• Task to carry out: Give only the number of lines below that contain the word "dual".

______

(* Let $A$ be a reflexive, Fréchet smooth normed vector space over $\mathbb C$, with $A^\vee$ given the dual norm. Then on $\mathrm{Max}\,A$ the topology generated by the sets $\mathbf U_r(a)=\{V\in\mathrm{Max}\,A:d(a,V)>r\}$, $a\in A$, $r>0$, coincides with the topology consisting of the sets $\{V\in\mathrm{Max}\,A:F(V)\in\mathcal U\}$, with $\mathcal U\subset\mathrm{Sub}\,A^\vee$ open in the lower Vietoris topology of $A^\vee$.
   Context: $\mathrm{Max}\,A$ is the set of closed subspaces of $A$; $A^\vee$ the continuous dual; $F(V)=\{\phi\in A^\vee:\phi|_V=0\}$. The lower Vietoris topology on the set $\mathrm{Sub}\,A^\vee$ of subspaces of $A^\vee$ is generated by $\{\mathcal V:\mathcal V\cap\mathcal O\ne\emptyset\}$, $\mathcal O\subset A^\vee$ norm-open. $A$ is Fréchet smooth if for every $a$ with $\|a\|=1$ the limit $\lim_{\delta\to0}(\|a-\delta b\|-\|a\|)/\delta$ exists uniformly in $b$ with $\|b\|=1$. *)

From HB Require Import structures.
From mathcomp Require Import all_boot all_order all_algebra.
From mathcomp Require Import all_classical all_reals all_analysis.
From mathcomp Require Import complex.
Set Implicit Arguments. Unset Strict Implicit. Unset Printing Implicit Defensive.
Import Order.TTheory GRing.Theory Num.Theory ComplexField.
Import numFieldNormedType.Exports.
Local Open Scope classical_set_scope.
Local Open Scope ring_scope.
Lemma elem_Jonq i a q : a != 0 -> vars_gt i q -> Jonq (elem i a q).
Proof.
move=> a0 q_gt; split; first by eexists; apply: elem_inv.
move=> j; rewrite tnth_elem; have [-> | _] := eqVneq j i.
  by exists a; split => //; exists q; split => //; apply/vars_inP.
exists 1; split; first exact: oner_neq0.
by exists 0; split; [apply/vars_inP/vars_in0 | rewrite scale1r addr0].
Qed.

(* The commutator of x_i |-> 2 x_i and x_i |-> x_i + 2 q is x_i |-> x_i + q. *)
Lemma elem_derived1 i q : vars_gt i q -> derived (@Jonq n) 1 (elem i 1 q).
Proof.
move=> q_gt; have two0 : (2 : C) != 0 by rewrite pnatr_eq0.
have q2_gt : vars_gt i (2 *: q) by apply: vars_inZ.
apply: gen_in; exists (elem i 2 0), (elem i 1 (2 *: q)), (elem i 2^-1 0), (elem i 1 (- (2 *: q))).
split.
- exact/elem_Jonq/vars_in0.
- exact/elem_Jonq/q2_gt/oner_neq0.
- by have := elem_inv two0 vars_in0; rewrite scaler0 oppr0.
- exact: elem_inv1.
rewrite !elem_comp; try exact: vars_in0; last by apply: vars_inD vars_in0; apply/vars_inZ/vars_inN.
rewrite !mulr1 mulVf // !addr0 scalerN !scalerA mulVf // mul1r scale1r.
by rewrite scaler_nat mulr2n addrK.
Qed.

Lemma elem_commutator i j P : (i < j)%N -> vars_in (fun l => (i < l)%N && (l != j)) P ->
  pm_comp (pm_comp (elem i 1 (- ('X_j * P))) (elem j 1 (- 1)))
          (pm_comp (elem i 1 ('X_j * P)) (elem j 1 1)) = elem i 1 P.
Proof.
move=> lt_ij P_ij.
have Pi a q : comp_mpoly (elem i a q) P = P.
  by apply: (comp_mpoly_elem_id a q P_ij) => l /andP [lt_il _]; rewrite neq_ltn lt_il orbT.
have Pj a q : comp_mpoly (elem j a q) P = P by apply: (comp_mpoly_elem_id a q P_ij) => l /andP [].
have /negbTE ij : i != j by rewrite neq_ltn lt_ij.
have ji : (j == i) = false by rewrite eq_sym.
apply: eq_from_tnth => l; rewrite tnth_pm_comp comp_mpoly_pm_comp tnth_pm_comp !tnth_elem.
have [_ | /negbTE li] := eqVneq l i.
  do 4 rewrite ?(comp_mpolyD, comp_mpolyN, comp_mpolyZ, rmorphM, comp_mpoly_elemX,
                comp_mpoly1, Pi, Pj, eqxx, ij, ji) /=.
  by rewrite !scale1r addrK mulrDl mul1r [_ * P + P]addrC addrA addrK.
have [-> | /negbTE lj] := eqVneq l j; last by rewrite !(comp_mpoly_elemX, lj, li).
do 4 rewrite ?(comp_mpolyD, comp_mpolyN, comp_mpolyZ, comp_mpoly_elemX, comp_mpoly1, eqxx, ij, ji) /=.
by rewrite !scale1r addrK.
Qed.

Definition prodX_range i m : {mpoly C[n]} := \prod_(l < n | (i < l <= i + m)%N) 'X_l.

Lemma vars_in_prodX_range i m : vars_in (fun l => (i < l <= i + m)%N) (prodX_range i m).
Proof. by apply: vars_in_prod => l; apply: vars_inX. Qed.

Lemma prodX_range0 i : prodX_range i 0 = 1.
Proof. by apply: big_pred0 => l; rewrite addn0; case: ltnP. Qed.

Lemma prodX_rangeS i m (lt_imn : (i + m.+1 < n)%N) :
  prodX_range i m.+1 = 'X_(Ordinal lt_imn) * prodX_range i m.
Proof.
rewrite /prodX_range (bigD1 (Ordinal lt_imn)) /=; last by rewrite addnS ltnS leq_addr leqnn.
congr (_ * _); apply: eq_bigl => l; rewrite -val_eqE /=.
by case: (ltnP i l) => //= _; rewrite addnS leq_eqVlt ltnS; case: eqP => [->|]; rewrite ?ltnn ?andbT.
Qed.

Lemma derived_elem_prodX k : (0 < k)%N -> forall i m, (i + m + k = n)%N ->
  derived (@Jonq n) k (elem i 1 (prodX_range i m)).
Proof.
elim: k => // -[_ _ i m _ | k IHk _ i m e].
  by apply: elem_derived1; apply: (vars_in_sub (vars_in_prodX_range i m)) => l /andP [].
have lt_imn : (i + m.+1 < n)%N by lia.
pose j := Ordinal lt_imn; have lt_ij : (i < j)%N by rewrite /= addnS ltnS leq_addr.
have P_ij : vars_in (fun l => (i < l)%N && (l != j)) (prodX_range i m).
  apply: (vars_in_sub (vars_in_prodX_range i m)) => l /andP [-> le_l].
  by rewrite -val_eqE /= neq_ltn addnS ltnS le_l.
have XP_gt : vars_gt i ('X_j * prodX_range i m).
  by apply: vars_inM; [apply: vars_inX | apply: (vars_in_sub P_ij) => l /andP []].
have D_XP : derived (@Jonq n) k.+1 (elem i 1 ('X_j * prodX_range i m)).
  by rewrite -(prodX_rangeS lt_imn); apply: IHk; lia.
have D_j : derived (@Jonq n) k.+1 (elem j 1 1).
  by rewrite -(prodX_range0 j); apply: IHk => //=; lia.
apply: gen_in; exists (elem i 1 ('X_j * prodX_range i m)), (elem j 1 1),
  (elem i 1 (- ('X_j * prodX_range i m))), (elem j 1 (- 1)).
by split => //; [apply: elem_inv1 | apply/elem_inv1/vars_in1 | rewrite elem_commutator].
Qed.

Lemma elem_translation_neq_id i : elem i 1 1 != pm_id n.
Proof.
apply/eqP => /(congr1 (fun f => (tnth f i)@_0%MM)).
rewrite /= tnth_elem tnth_pm_id eqxx mcoeffD mcoeffZ !mcoeffX mcoeff1 mnm1_eq0 eqxx.
by rewrite mulr0 add0r => /eqP; rewrite oner_eq0.
Qed.

End Elementary.

Lemma derived_trivial_succ n (G : polymap n -> Prop) k :
  trivial_set (derived G k) -> trivial_set (derived G k.+1).
Proof.
move=> Gk f; split=> [|->]; last exact: gen_one.
elim=> {f} [_ [f [g [f' [g' [/Gk Gf /Gk Gg [ff' _] [gg' _] ->]]]]] | // | f g _ -> _ -> | f g _ -> [fg _]].
- by rewrite Gf Gg pm_id_comp in ff' gg' *; rewrite ff' gg' !pm_id_comp.
- exact: pm_id_comp.
- by rewrite pm_id_comp in fg.
Qed.

Lemma derived_trivial_mono n (G : polymap n -> Prop) j k : (j <= k)%N ->
  trivial_set (derived G j) -> trivial_set (derived G k).
Proof.
move=> /subnK <-; elim: (k - j)%N => [// | d IHd Gj].
by rewrite addSn; apply/derived_trivial_succ/IHd.
Qed.

Theorem lemma3p2 (n : nat) (hn : (1 <= n)%N) :
  solvable_grp (@Jonq n) /\ derived_length_is (@Jonq n) n.+1.
Proof.
have D_top : trivial_set (derived (@Jonq n) n.+1).
  by move=> f; split=> [/derived_level/level_top // | ->]; apply: gen_one.
split; first by exists n.+1.
split=> // j lt_jn D_j.
have D_n := derived_trivial_mono (ltnSE lt_jn) D_j.
have := derived_elem_prodX (i := Ordinal hn) (m := 0) hn erefl; rewrite prodX_range0.
by move/(D_n _).1/eqP; apply/negP/elem_translation_neq_id.
Qed.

______

• Answer: 2